Over the first year of the epidemic, SARS-CoV-2 has gradually accumulated mutations and developed into several viral lineages as it has spread through the human population7,65–68. However, from the advent of the pandemic through approximately September 2020, there was no statistical evidence that any of the numerous characterized SARS-CoV-2 mutations had resulted in a loss or gain of function45–47. For example, one study analyzed all 48,454 SARS-CoV-2 genomes available from GISAID from late July of 2020 that had been sequenced throughout the world and identified 12,706 mutations, 398 of which were recurrent, and none of which were associated with a significant change in transmissibility69. During the summer of 2020, the D614G mutation in the viral S protein sparked attention because this new variant globally superseded the original SARS-CoV-2 strain globally. Phylogenetic analyses and clinical evidence indicated that, although the D614G variant was associated with both increased viral load and infectivity68,70, it was also more susceptible to neutralizing antisera and was not linked to any change in vaccine efficacy or increased pathogenicity71.

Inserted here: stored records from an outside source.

Lemma fwalk_cut_loop m f d a b : a < b <= m -> f a = f b ->
  fwalk gpath m f d -> dconnecting m f d ->
  exists f' d', [/\ fwalk gpath (m - (b - a)) f' d', dconnecting (m - (b - a)) f' d',
                    f' 0 = f 0 & f' (m - (b - a)) = f m].
Proof.
move=> /andP[ab bm] fab w conn.
pose f' i := if i <= a then f i else f (i + (b - a)).
pose d' i := if i < a then d i else d (i + (b - a)).
have f'L i : i <= a -> f' i = f i by rewrite /f' => ->.
have d'L i : i < a -> d' i = d i by rewrite /d' => ->.
have d'R i : a <= i -> d' i = d (i + (b - a)) by rewrite /d' ltnNge => ->.
have f'R i : a <= i -> f' i = f (i + (b - a)).
  rewrite /f'; case: ifP => // ia ai; have -> : i = a by lia.
  by rewrite fab; congr f; lia.
exists f', d'; split.
- move=> i im; have [ia|ai] := ltnP i a.
    by rewrite d'L ?f'L; try lia; apply: w; lia.
  by rewrite d'R ?f'R -?addSn; try lia; apply: w; lia.
- move=> k k_int; rewrite /is_collider; case: (ltngtP k a) => ka.
  + by rewrite !d'L ?f'L; try lia; apply: conn; lia.
  + rewrite !d'R ?f'R; try lia.
    have -> : k.-1 + (b - a) = (k + (b - a)).-1 by lia.
    by apply: conn; lia.
  + subst k; rewrite d'L ?d'R ?f'L ?subnKC; try lia.
    case: ifP => [/andP[da1 db] | /negbT].
      by apply: active_at_loop fab w conn da1 db; lia.
    rewrite negb_and negbK; case/orP => [da1 | db].
      by have := conn a ltac:(lia); rewrite /is_collider (negbTE da1).
    by have := conn b ltac:(lia); rewrite /is_collider db andbF fab.
- by rewrite f'L.
- by rewrite f'R ?subnK //; lia.
Qed.

Lemma sep_gen_no_dconnecting_fwalk (A B : pred T) : sep_gen gpath gan A B C ->
  forall m f d, fwalk gpath m f d -> f 0 \in A -> f m \in B -> ~ dconnecting m f d.
Proof.
move=> sep m; elim/ltn_ind: m => m IH f d w f0A fmB conn.
have [u | /(uniqPn (f 0))[i [j []]]] := boolP (uniq (mkseq f m.+1)).
  have sm : size (fseq m f d) = m by rewrite size_mkseq.
  have := sep _ _ (fwalk_is_path w u).
  rewrite wlast_wfun sm wfun_fseq // => /(_ (or_introl (conj f0A fmB))).
  apply/not_blocked_fconnecting; rewrite sm.
  by apply: fconnecting_eq conn => k km; rewrite ?wfun_fseq ?wdir_fseq.
rewrite size_mkseq => ij jm; rewrite !nth_mkseq; try lia; move=> fij.
have [|f' [d' [w' conn' f'0 f'm]]] := fwalk_cut_loop (_ : i < j <= m) fij w conn; first lia.
by apply: (IH (m - (j - i)) _ f' d' w'); rewrite ?f'0 ?f'm //; lia.
Qed.

End LoopRemoval.

Lemma path_first_hit (T : eqType) (g : rel T) (X : pred T) v p :
  path g v p -> last v p \in X ->
  exists q, [/\ path g v q, last v q \in X &
                forall j, j < size q -> nth v (v :: q) j \notin X].
Proof.
elim: p v => [|y p IH] v /=; first by move=> _ vX; exists [::].
case/andP=> e pth lst; have [vX | vnX] := boolP (v \in X); first by exists [::].
have [q [pq lq nq]] := IH y pth lst.
exists (y :: q); split=> //=; first by rewrite e.
case=> [|j] //= jq; rewrite (set_nth_default y) ?nq //; exact: ltnW.
Qed.

Section ColliderTruncation.
Variable T : eqType.
Variables (star : rel T) (B C : pred T).

Let gB := [rel i j | star i j && (i \notin B)].

Lemma fwalk_truncate_at_B m f d : fwalk gB m f d -> f m \in B ->
  fconnecting (active star [predU B & C]) (fun v => v \notin C) m f d ->
  exists m' f' d', [/\ fwalk gB m' f' d', f' 0 = f 0, f' m' \in B &
    fconnecting (active star C) (fun v => v \notin C) m' f' d'].
Proof.
move=> w fmB conn.
(* The first collider [k] that is not active for [C] has a directed path to [B] whose
   nodes before the last avoid [B \cup C]; the walk is rerouted along it. *)
pose bad k := 0 < k < m /\ is_collider d k /\ ~ active star C (f k).
have [[k bad_k] | no_bad] := classic (exists k, bad k); last first.
  exists m, f, d; split=> // k k_int; have := conn k k_int; case: ifP => // col _.
  by apply: NNPP => nact; apply: no_bad; exists k.
have [{bad_k}k [[[/andP[k0 km] [col nact]] kmin] _]] :=
  dec_inh_nat_subset_has_unique_least_element bad (fun k => classic (bad k)) (ex_intro _ k bad_k).
have [p pth lst] : exists2 p, path star (f k) p & last (f k) p \in [predU B & C].
  by have := conn k ltac:(nat_lia); rewrite col => -[inX | [p []]]; [exists [::] | exists p].
have [q [pq lq nq]] := path_first_hit pth lst.
have qB : last (f k) q \in B.
  move: lq; rewrite inE => /orP[// | lC]; case: nact; right.
  by exists q.
have pq_B : path gB (f k) q.
  move/(pathP (f k)): pq => pq; apply/(pathP (f k)) => i iq; rewrite /= pq //=.
  by have := nq i iq; rewrite inE negb_or => /andP[].
pose f' i := if i < k then f i else nth (f k) (f k :: q) (i - k).
pose d' i := if i < k then d i else true.
exists (k + size q), f', d'; split.
- exact: fwalk_cat_path (ltnW km) w pq_B.
- by rewrite /f' k0.
- by rewrite /f' ltnNge leq_addr /= addKn -[size q]/((size (f k :: q)).-1) nth_last.
- move=> i i_int; rewrite /is_collider /d' /f'.
  case: (ltngtP i k) => ik.
  + have -> : i.-1 < k by nat_lia.
    have := conn i ltac:(nat_lia); rewrite /is_collider; case: ifP => // coli _.
    apply: NNPP => nacti; suff /kmin : bad i by nat_lia.
    by split; [nat_lia | split].
  + rewrite ifF ?andbF; last nat_lia.
    by have := nq (i - k) ltac:(nat_lia); rewrite inE negb_or => /andP[].
  + subst i; rewrite andbF subnn.
    by have := nq 0 ltac:(nat_lia); rewrite inE negb_or => /andP[].
Qed.

End ColliderTruncation.

Definition unrolled_edges (N : finType) (W : {set N}) (star tail : rel N) (t' : nat)
    (G : rel (N * nat)) : Prop :=
  forall x y, G x y -> [/\ valid W t' x, valid W t' y &
    (x.2 < y.2 /\ star x.1 y.1) \/ (x.2 = y.2 /\ tail x.1 y.1)].

Lemma proper_pair_unrolled_edges (N : finType) (W : {set N}) star tail t' G :
  proper_pair W star tail t' G -> unrolled_edges W star tail t' G.
Proof.
case=> _ [[dag _] [[_ [starE tailE]] | eqG]] [i s] [j u] e /=; last first.
  move: e; rewrite eqG => /and3P[vx vy /orP[/andP[su ij] | /andP[/eqP su ij]]].
    by split=> //; left.
  by split=> //; right.
have /and3P[vx vy /= su] := dag _ _ e; split=> //.
case: (ltngtP s u) => [su' | us | su']; first by left; split=> //; apply/starE; exists s, u.
  by rewrite ltnNge su in us.
by right; split=> //; apply/tailE; exists s; rewrite {2}su'.
Qed.

Lemma valid_notin_W (N : finType) (W : {set N}) t' (x : N * nat) :
  valid W t' x -> 0 < x.2 -> x.1 \notin W.
Proof. by case/andP=> _ /implyP x_W x0; apply/negP => /x_W /eqP x2; rewrite x2 in x0. Qed.

Lemma tail_ancestral_closed (N : finType) (W : {set N}) tail (E : {set N}) i j :
  tail_ancestral W tail E -> i \notin W -> tail i j -> j \in E -> i \in E.
Proof.
case=> _ TA iW ij jE; apply: contraTT ij => iE.
by apply: TA => //; rewrite inE.
Qed.

Section UnrolledGraph.
Variables (N : finType) (W : {set N}) (star tail : rel N) (t' : nat) (G : rel (N * nat)).
Hypothesis tail_star : subrel tail star.
Hypothesis G_edges : unrolled_edges W star tail t' G.

Lemma G_time_le x y : G x y -> x.2 <= y.2.
Proof. by case/G_edges => _ _ [[/ltnW] | [->]]. Qed.
Lemma prefix_gcd : left_gcds C -> forall a b, normal a -> normal b ->
  exists g, normal g /\ prefix g a /\ prefix g b /\
    forall h, normal h -> prefix h a -> prefix h b -> prefix h g.
Proof.
  intros LG a. induction a as [|c a IH]; intros b Ha Hb.
  { exists []. repeat split; try constructor.
    intros h _ P _. rewrite (prefix_nil_r P). constructor. }
  destruct b as [|d b].
  { exists []. repeat split; try constructor.
    intros h _ _ P. rewrite (prefix_nil_r P). constructor. }
  destruct (classic (c = d)) as [<-|N].
  - destruct (IH b) as (g & Hg & Pa & Pb & Gr); [simpl in Ha, Hb; tauto ..|].
    exists (c :: g). split; [|split; [constructor; assumption|split; [constructor; assumption|]]].
    + simpl in Ha |- *. repeat split; try tauto.
      destruct g as [|y g']; [exact I|].
      destruct (prefix_head Pa) as (c' & a' & -> & E). rewrite <- E. tauto.
    + intros h Hh P1 P2.
      destruct (common_prefix_same P1 P2) as [->|[(g' & -> & L)|(h' & -> & P1' & P2')]];
        constructor; auto.
      apply Gr; auto. simpl in Hh; tauto.
  - destruct (classic (src C c = src C d)) as [Es|Ns].
    + destruct (LG c d Es) as (e & L1 & L2 & Ge). rewrite ldiv_lfactor in L1, L2.
      exists (push e []).
      split; [apply push_normal; exact I|split; [|split]]; auto using prefix_push_single.
      intros h Hh P1 P2.
      destruct (common_prefix_distinct N P1 P2) as [->|(g & -> & Lc & Ld)]; [constructor|].
      assert (Lg : lfactor g e) by (apply ldiv_lfactor, Ge; apply ldiv_lfactor; assumption).
      destruct (decide (isid C e)) as [I|I].
      * exfalso. simpl in Hh. apply Hh, (lfactor_id_inv Lg I).
      * rewrite push_nil by assumption. constructor; assumption.
    + exists []. repeat split; try constructor.
      intros h _ P1 P2.
      destruct (common_prefix_distinct N P1 P2) as [->|(g & -> & Lc & Ld)]; [constructor|].
      exfalso. apply Ns. rewrite (lfactor_src Lc), (lfactor_src Ld). reflexivity.
Qed.

Lemma left_gcds_lfactor :
  (forall a b, src C a = src C b -> exists g, lfactor g a /\ lfactor g b /\
     forall h, lfactor h a -> lfactor h b -> lfactor h g) -> left_gcds C.
Proof. intros H a b E. setoid_rewrite ldiv_lfactor. apply H, E. Qed.

Lemma push_inj x V W : left_cancellative C -> ~ isid C x -> normal V -> normal W ->
  push x V = push x W -> V = W.
Proof.
  intros LC Ix HV HW E.
  assert (Lx : forall y y' c, mul C x y c -> mul C x y' c -> y = y').
  { intros y y' c H1 H2. apply (aeq_eq HC). eapply LC; eauto; apply (aeq_eq HC); reflexivity. }
  destruct (id_at_tgt HC x) as (e & Ie & Ee).
  (* a letter of a normal word is not an identity, so it cannot be absorbed by [x] *)
  assert (K : forall y w, normal (y :: w) -> tgt C x = src C y -> compose x y <> x).
  { intros y w (Iy & _) Ey Ec. apply Iy. replace y with e; [assumption|].
    apply (Lx e y x); [apply (mul_idr HC); auto|].
    rewrite <- Ec at 2. apply compose_spec; assumption. }
  destruct V as [|y V']; destruct W as [|z W']; [reflexivity| | |].
  - rewrite push_nil in E by assumption. destruct (decide (tgt C x = src C z)) as [Ez|Ez].
    + rewrite push_merge in E by assumption. injection E; intros. exfalso; apply (K z W'); auto.
    + rewrite push_nomerge in E by assumption. discriminate.
  - rewrite (push_nil Ix) in E. destruct (decide (tgt C x = src C y)) as [Ey|Ey].
    + rewrite push_merge in E by assumption. injection E; intros. exfalso; apply (K y V'); auto.
    + rewrite push_nomerge in E by assumption. discriminate.
  - destruct (decide (tgt C x = src C y)) as [Ey|Ey];
      destruct (decide (tgt C x = src C z)) as [Ez|Ez].
    + rewrite !push_merge in E by assumption. injection E as E1 E2. subst W'. f_equal.
      apply (Lx y z (compose x z)); [rewrite <- E1|]; apply compose_spec; assumption.
    + rewrite push_merge, push_nomerge in E by assumption. injection E; intros.
      exfalso; apply (K y V'); auto.
    + rewrite push_nomerge, push_merge in E by assumption. injection E; intros.
      exfalso; apply (K z W'); auto.
    + rewrite !push_nomerge in E by assumption. congruence.
Qed.

Lemma fold_push_inj g X Y : left_cancellative C -> normal g -> normal X -> normal Y ->
  fold_right push X g = fold_right push Y g -> X = Y.
Proof.
  intro LC. induction g as [|x g IH]; simpl; auto. intros (Ix & Hg & _) HX HY E.
  apply IH; auto. eapply push_inj; eauto; apply fold_push_normal; assumption.
Qed.

Lemma umon_conical : conical (monoid_cat R).
Proof.
  intros x y e He Ie. simpl in *. subst e. apply cong_nfE. apply cong_nfE in Ie.
  simpl in Ie |- *. rewrite nf_app in Ie. destruct (nf x) as [|c w] eqn:F; [reflexivity|].
  exfalso. pose proof (nf_normal x) as Hx. rewrite F in Hx. simpl in Ie.
  destruct (push_head (proj1 Hx) (fold_push_normal w (nf_normal y)))
    as (c' & w' & E & _).
  congruence.
Qed.

Lemma umon_left_cancellative : left_cancellative C -> left_cancellative (monoid_cat R).
Proof.
  intros LC a a' x y c d Hc Hd Ha Hcd. simpl in *. subst.
  apply cong_nfE. apply cong_nfE in Ha, Hcd. rewrite !nf_app, Ha in Hcd.
  eapply fold_push_inj; eauto; apply nf_normal.
Qed.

The first SARS-CoV-2 viral variant of concern (VOC) for public health, known as variant B.1.1.7, was first detected in the UK in September 2020. Genomic analysis revealed that this B.1.1.7 variant had first arisen in late Summer or early Fall 2020, and then quickly spread through many countries, including Australia, Denmark, Italy, Iceland, the Netherlands, and now the US72–74. However, the full pathogenic potential of this variant was not recognized until December 202072. The B.1.1.7 variant strain harbors at least 12 mutations, including 2 in the S protein: N501Y, which increases the ability of SARS-CoV-2 binding to its cellular receptor, ACE2, and P618H, which adjoins the furin cleavage site in the S protein75–77. Both mutations have been associated with a 40–80% increase in the transmissibility of this variant as compared to previous SARS-CoV-2 strains72. More recently, the B.1.1.7 variant was found to be associated with greater disease severity and an increased risk of death as compared to other variants78. In addition, the variant carries a Δ69–70 deletion that results in detection failure by some SARS-CoV-2 molecular tests, which can limit the successful tracing of this VOC79. However, there is no evidence thus far that this variant reduces vaccine efficacy.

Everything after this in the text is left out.